Now that we have $X$ a topological space and $f$ a continuous function (we'll call the pair $(X, f)$ a topological dynamical system), we can get back to our game. When is $\text{orb}(x) = X$ ?
Almost never. Topological spaces (like $\mathbb{R}$ or $\mathbb{C}$) are almost always uncountable, and as we already discussed, this is impossible. So we have to modify our game a bit. If $\text{orb}(x) \neq X$, what is the next best thing? (If you've not taken measure theory, functional analysis, or general topology, you may be forgiven for not knowing.)
In this game, we want $\text{orb}(x)$ to be dense in $X$. If you've never seen dense sets before, think of the rationals $\mathbb{Q}$ sitting in $\mathbb{R}$. In $\mathbb{R}$, the open sets are exactly the open intervals. And any open interval in $\mathbb{R}$ intersects $\mathbb{Q}$. If you've had more analysis, another way to say this is that a subset of $X$ is dense in $X$ if its closure is all of $X$.
So this is the game: given a pair $(X,f)$, $X$ a topological space and $f$ a continuous function, can you find an element $x \in X$ such that $\overline{\text{orb}(x)} = X$ (id est, the closure of $\text{orb}(x)$ is $X$).
This game is a lot harder, and it'll require some new tools.

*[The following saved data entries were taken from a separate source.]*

Lemma minorI_mulmx r m n m' n' (X : 'M[R]_(m', m)) (A : 'M[R]_(m, n)) (Y : 'M[R]_(n, n')) B x :
  X *m A *m Y = B -> minorI r B x -> minorI r A x.
Proof. by move=> <- [|/minors_span_mulmx]; [left | right]. Qed.

End MinorsSpan.

Lemma mxsub_block (R : Type) a b c d s1 s2 t1 t2 (A : 'M[R]_(a, b)) (B : 'M[R]_(a, d))
    (C : 'M[R]_(c, b)) (D : 'M[R]_(c, d)) (f1 : 'I_s1 -> 'I_a) (f2 : 'I_s2 -> 'I_c)
    (g1 : 'I_t1 -> 'I_b) (g2 : 'I_t2 -> 'I_d) :
  mxsub (split_fun (lshift c \o f1) (@rshift a _ \o f2))
        (split_fun (lshift d \o g1) (@rshift b _ \o g2)) (block_mx A B C D)
  = block_mx (mxsub f1 g1 A) (mxsub f1 g2 B) (mxsub f2 g1 C) (mxsub f2 g2 D).
Proof.
apply/matrixP => k l; rewrite mxE /split_fun.
case: (split_ordD k) => [[k' -> _] | [k' -> _]];
case: (split_ordD l) => [[l' -> _] | [l' -> _]];
by rewrite ?(unsplitK (inl _)) ?(unsplitK (inr _)) /=
  ?block_mxEul ?block_mxEur ?block_mxEdl ?block_mxEdr !mxE.
Qed.

Section IdentityBlock.
Variables (R : comNzRingType) (a b m : nat) (A : 'M[R]_(a, b)).
Let A1 := block_mx A 0 0 (1%:M : 'M[R]_m).

Definition id_cols s (g : 'I_s -> 'I_(b + m)) : nat := \sum_(j < s) (b <= g j)%N.

(* Expanding along the columns taken from the identity block removes them one by one. *)
Lemma block1_minor_span s (f : 'I_s -> 'I_(a + m)) (g : 'I_s -> 'I_(b + m)) :
  minors_span (s - id_cols g) A (\det (mxsub f g A1)).
Proof.
elim: s f g => [|s IH] f g.
  have f0 T : 'I_0 -> T by case.
  by have := minors_span_minor A (f0 _) (f0 _); rewrite sub0n !det_mx00.
have [j0 gj0 | /= g_left] := pickP (fun j => b <= g j)%N.
  rewrite (det_mxsub_expand_col _ _ _ j0).
  have -> : (s.+1 - id_cols g = s - id_cols (g \o lift j0))%N.
    by rewrite /id_cols (bigD1_ord j0) //= gj0 add1n subSS.
  by apply: minors_span_sum => i; do 2!apply: minors_spanMl; apply: IH.
rewrite /id_cols big1 ?subn0 => [|j _]; last by rewrite g_left.
have g_lshift j : exists2 k, g j = lshift m k & (g j < b)%N.
  by case: (split_ordD (g j)) => [//|[k _ le_b]]; move: (g_left j); rewrite /= le_b.
have [i0 fi0 | /= f_up] := pickP (fun i => a <= f i)%N.
  rewrite (expand_det_row _ i0) big1 => [|j _]; first exact: minors_span0.
  rewrite mxE; case: (g_lshift j) => k -> _; case: (split_ordD (f i0)) => [[l _ lt_a] | [l -> _]].
    by move: fi0; rewrite leqNgt lt_a.
  by rewrite /A1 block_mxEdl mxE mul0r.
have fa : (f ord0 < a)%N by rewrite ltnNge f_up.
have gb : (g ord0 < b)%N by rewrite ltnNge g_left.
pose f' i : 'I_a := insubd (Ordinal fa) (f i).
pose g' j : 'I_b := insubd (Ordinal gb) (g j).
suff -> : mxsub f g A1 = mxsub f' g' A by apply: minors_span_minor.
apply/matrixP => i j; rewrite mxE [RHS]mxE.
have -> : f i = lshift m (f' i) by apply: val_inj; rewrite /= val_insubd ltnNge f_up.
have -> : g j = lshift m (g' j) by apply: val_inj; rewrite /= val_insubd ltnNge g_left.
by rewrite /A1 block_mxEul.
Qed.

Lemma id_cols_le s (g : 'I_s -> 'I_(b + m)) : injective g -> (id_cols g <= m)%N.
Proof.
move=> inj_g.
have -> : id_cols g = #|[set j | (b <= g j)%N]|.
  rewrite /id_cols -sum1_card [RHS]big_mkcond /=.
  by apply: eq_bigr => j _; rewrite inE; case: (b <= g j)%N.
rewrite -(card_imset _ inj_g) -[X in (_ <= X)%N]card_ord -(card_imset _ (@rshift_inj b m)).
apply/subset_leq_card/subsetP => y /imsetP[j]; rewrite inE => le_b ->.
case: (split_ordD (g j)) => [[k _ lt_b] | [k -> _]]; last exact: imset_f.
by move: le_b; rewrite leqNgt lt_b.
Qed.

Lemma minorI_block1_sub (r : int) x : minorI (r + m%:Z) A1 x -> minorI r A x.
Proof.
case: (lerP r 0) => [|r_gt0]; first by left.
case: r r_gt0 => [r' _ | //].
case=> [le0 | span_x]; first by left; rewrite (le_trans _ le0) // lerDl.
right; apply: (minors_span_trans span_x) => f g.
have [/injectiveP inj_g | /injectivePn[j1 [j2 ne_j gj]]] := boolP (injectiveb g).
  apply: (minors_span_leq _ (block1_minor_span f g)).
  by have := id_cols_le inj_g; lia.
suff -> : \det (mxsub f g A1) = 0 by apply: minors_span0.
by rewrite -det_tr; apply: (determinant_alternate ne_j) => i; rewrite !mxE gj.
Qed.

Lemma minorI_block1_sup (r : int) x : minorI r A x -> minorI (r + m%:Z) A1 x.
Proof.
case: (lerP (r + m%:Z) 0) => [|rm_gt0]; first by left.
case: (lerP r 0) => [r_le0 _ | r_gt0].
  have le_rm : (`|(r + m%:Z)%R| <= m)%N by lia.
  pose w (k : 'I_`|r + m%:Z|) : 'I_m := widen_ord le_rm k.
  suff e : mxsub (@rshift a _ \o w) (@rshift b _ \o w) A1 = 1%:M.
    right; have := minors_spanMl x (minors_span_minor A1 (@rshift a _ \o w) (@rshift b _ \o w)).
    by rewrite e det1 mulr1.
  by apply/matrixP => k l; rewrite !mxE /= (unsplitK (inr _)) /= !mxE (unsplitK (inr _)) !mxE.
move: rm_gt0 r_gt0; case: r => [r' _ r'_gt0 | //].
case=> [|span_x]; first by rewrite leNgt r'_gt0.
right; apply: (minors_span_trans span_x) => f g.
pose F := split_fun (lshift m \o f) (@rshift a _ \o id).
pose G := split_fun (lshift m \o g) (@rshift b _ \o id).
suff -> : \det (mxsub f g A) = \det (mxsub F G A1) by apply: minors_span_minor.
by rewrite mxsub_block !mxsub_const det_ublock mxsub_id det1 mulr1.
Qed.

Lemma minorI_block1 (r : int) x : minorI (r + m%:Z) A1 x <-> minorI r A x.
Proof. by split; [apply: minorI_block1_sub | apply: minorI_block1_sup]. Qed.

End IdentityBlock.

Ltac block_simpl := repeat progress rewrite ?mulmx_block ?mul_col_row ?mul_row_col
  ?mul_mx_row ?mul_col_mx ?mul_row_block ?mul_block_col ?mulmx0 ?mul0mx ?mulmx1 ?mul1mx
  ?addr0 ?add0r ?add_block_mx ?add_row_mx ?add_col_mx ?row_mx0 ?col_mx0 ?block_mx0.

Lemma add_corner_blocks (R : nmodType) m1 m2 n1 n2 (A : 'M[R]_(m1, n1)) (D : 'M[R]_(m2, n2)) :
  col_mx (row_mx A 0) 0 + row_mx 0 (col_mx 0 D) = block_mx A 0 0 D.
Proof.
apply/matrixP => i j.
case: (split_ordD i) => [[i' -> _] | [i' -> _]]; case: (split_ordD j) => [[j' -> _] | [j' -> _]].
all: by rewrite [LHS]mxE ?col_mxEu ?col_mxEd ?row_mxEl ?row_mxEr ?block_mxEul ?block_mxEur
  ?block_mxEdl ?block_mxEdr ?col_mxEu ?col_mxEd ?row_mxEl ?row_mxEr ?mxE ?addr0 ?add0r.
Qed.

Section DiagonalComplexes.
Variable R : comNzRingType.

Lemma minorI_diag_iso a b c a' b' c' (al : 'M[R]_(a, b)) (be : 'M[R]_(b, c))
    (al' : 'M[R]_(a', b')) (be' : 'M[R]_(b', c'))
    (P0 : 'M[R]_(a, a')) (P1 : 'M[R]_(b, b')) (P2 : 'M[R]_(c, c'))
    (Q0 : 'M[R]_(a', a)) (Q1 : 'M[R]_(b', b)) (Q2 : 'M[R]_(c', c)) :
    al *m P1 = P0 *m al' -> be *m P2 = P1 *m be' ->
    Q0 *m P0 = 1%:M -> P1 *m Q1 = 1%:M -> Q1 *m P1 = 1%:M -> P2 *m Q2 = 1%:M ->
  forall r x, minorI r (block_mx al 0 0 be) x <-> minorI r (block_mx al' 0 0 be') x.
Proof.
move=> al_P be_P Q0P0 P1Q1 Q1P1 P2Q2 r x; split.
  apply: (minorI_mulmx (X := block_mx P0 0 0 P1) (Y := block_mx Q1 0 0 Q2)).
  by block_simpl; rewrite -al_P -be_P -!mulmxA P1Q1 P2Q2 !mulmx1.
apply: (minorI_mulmx (X := block_mx Q0 0 0 Q1) (Y := block_mx P1 0 0 P2)).
by block_simpl; rewrite -!mulmxA al_P be_P !mulmxA Q0P0 Q1P1 !mul1mx.
Qed.

(* The contracting homotopy [(sK, tK)] drives a base change that turns the
   contractible summand into an identity block of size [bK]. *)
Lemma minorI_diag_contractible a b c aK bK cK (al : 'M[R]_(a, b)) (be : 'M[R]_(b, c))
    (alK : 'M[R]_(aK, bK)) (beK : 'M[R]_(bK, cK)) (sK : 'M[R]_(bK, aK)) (tK : 'M[R]_(cK, bK)) :
    alK *m beK = 0 -> sK *m alK + beK *m tK = 1%:M ->
  forall r x,
    minorI (r + bK%:Z) (block_mx (block_mx al 0 0 alK) 0 0 (block_mx be 0 0 beK)) x <->
    minorI r (block_mx al 0 0 be) x.
Proof.
move=> alK_beK homK r x.
have alK_idem : alK *m sK *m alK = alK.
  have : alK *m (sK *m alK + beK *m tK) = alK by rewrite homK mulmx1.
  by rewrite mulmxDr !mulmxA alK_beK mul0mx addr0.
have beK_idem : beK *m tK *m beK = beK.
  have : (sK *m alK + beK *m tK) *m beK = beK by rewrite homK mul1mx.
  by rewrite mulmxDl -(mulmxA sK) alK_beK mulmx0 add0r.
have beK_alK : beK *m tK *m sK *m alK = 0.
  have : beK *m tK *m (sK *m alK + beK *m tK) = beK *m tK by rewrite homK mulmx1.
  rewrite mulmxDr !mulmxA beK_idem.
  by move/(congr1 (fun z => z - beK *m tK)); rewrite addrK subrr.
split=> Ix.
  apply: minorI_block1_sub; apply: (minorI_mulmx (X := block_mx (block_mx 1%:M 0 0 0) (col_mx 0 alK)
      (block_mx 0 1%:M 0 0) (col_mx 0 (beK *m tK)))
    (Y := block_mx (block_mx 1%:M 0 0 0) (block_mx 0 0 1%:M 0)
      (row_mx 0 (sK *m alK)) (row_mx 0 beK))) Ix.
  block_simpl; rewrite !mulmxA alK_idem alK_beK beK_idem beK_alK.
  by block_simpl; rewrite !add_corner_blocks.
apply: (minorI_mulmx (B := block_mx (block_mx al 0 0 be) 0 0 (1%:M : 'M_bK))
    (X := block_mx (block_mx 1%:M 0 0 0) (block_mx 0 0 1%:M 0) (row_mx 0 sK) (row_mx 0 1%:M))
    (Y := block_mx (block_mx 1%:M 0 0 0) (col_mx 0 1%:M) (block_mx 0 1%:M 0 0) (col_mx 0 tK))).
  by block_simpl; rewrite homK -block_mxEv.
exact: minorI_block1_sup.
Qed.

Let me give you a definition and a few lemmas.

Def1 1 Let $(X, f)$ be a topological dynamical system. We call the system minimal if given a closed set $V \subset X$ such that $f(V) = V$, then $V = X$ or $V = \emptyset$. (That is, if the only invariant closed sets are the whole space or the null set.)

Minimality allows us to win the game. Actually, its equivalent to winning; consider the following proposition:
Let $(X, f)$ be a topological dynamical system. The system is minimal if and only if $\overline{\text{orb}(x)} = X$ for all $x \in X$.
Proof: Assume that $(X, f)$ is minimal. $\overline{\text{orb}(x)}$ is clearly closed, invariant under $f$, and non-empty. Thus it must be X. Conversely, assume X is not minimal, and let $V$ be a closed, non-empty $f$-invariant subset of X. Let $x \in V$. Since V is $f$-invariant, $\text{orb}(x) \subset V$, and hence its closure can't be all of X. $\Box$

This game is called Topological Dynamics. Another lemma, not stated here, says that any topological space $X$ has an minimal subsystem. The proof is a simple application of Zorn's lemma. We can actually state (and prove!) a key theorem in the subject:

Thrm 2 (Birkhoff Recurrence Theorem) Let $(X,f)$ be a minimal topological dynamical system. Then there is some $x \in X$ and a sequence $1 \leq n_1 < n_2 < \ldots $ of natural numbers such that $f^{n_k}(x) \rightarrow x$ as $k \rightarrow \infty$.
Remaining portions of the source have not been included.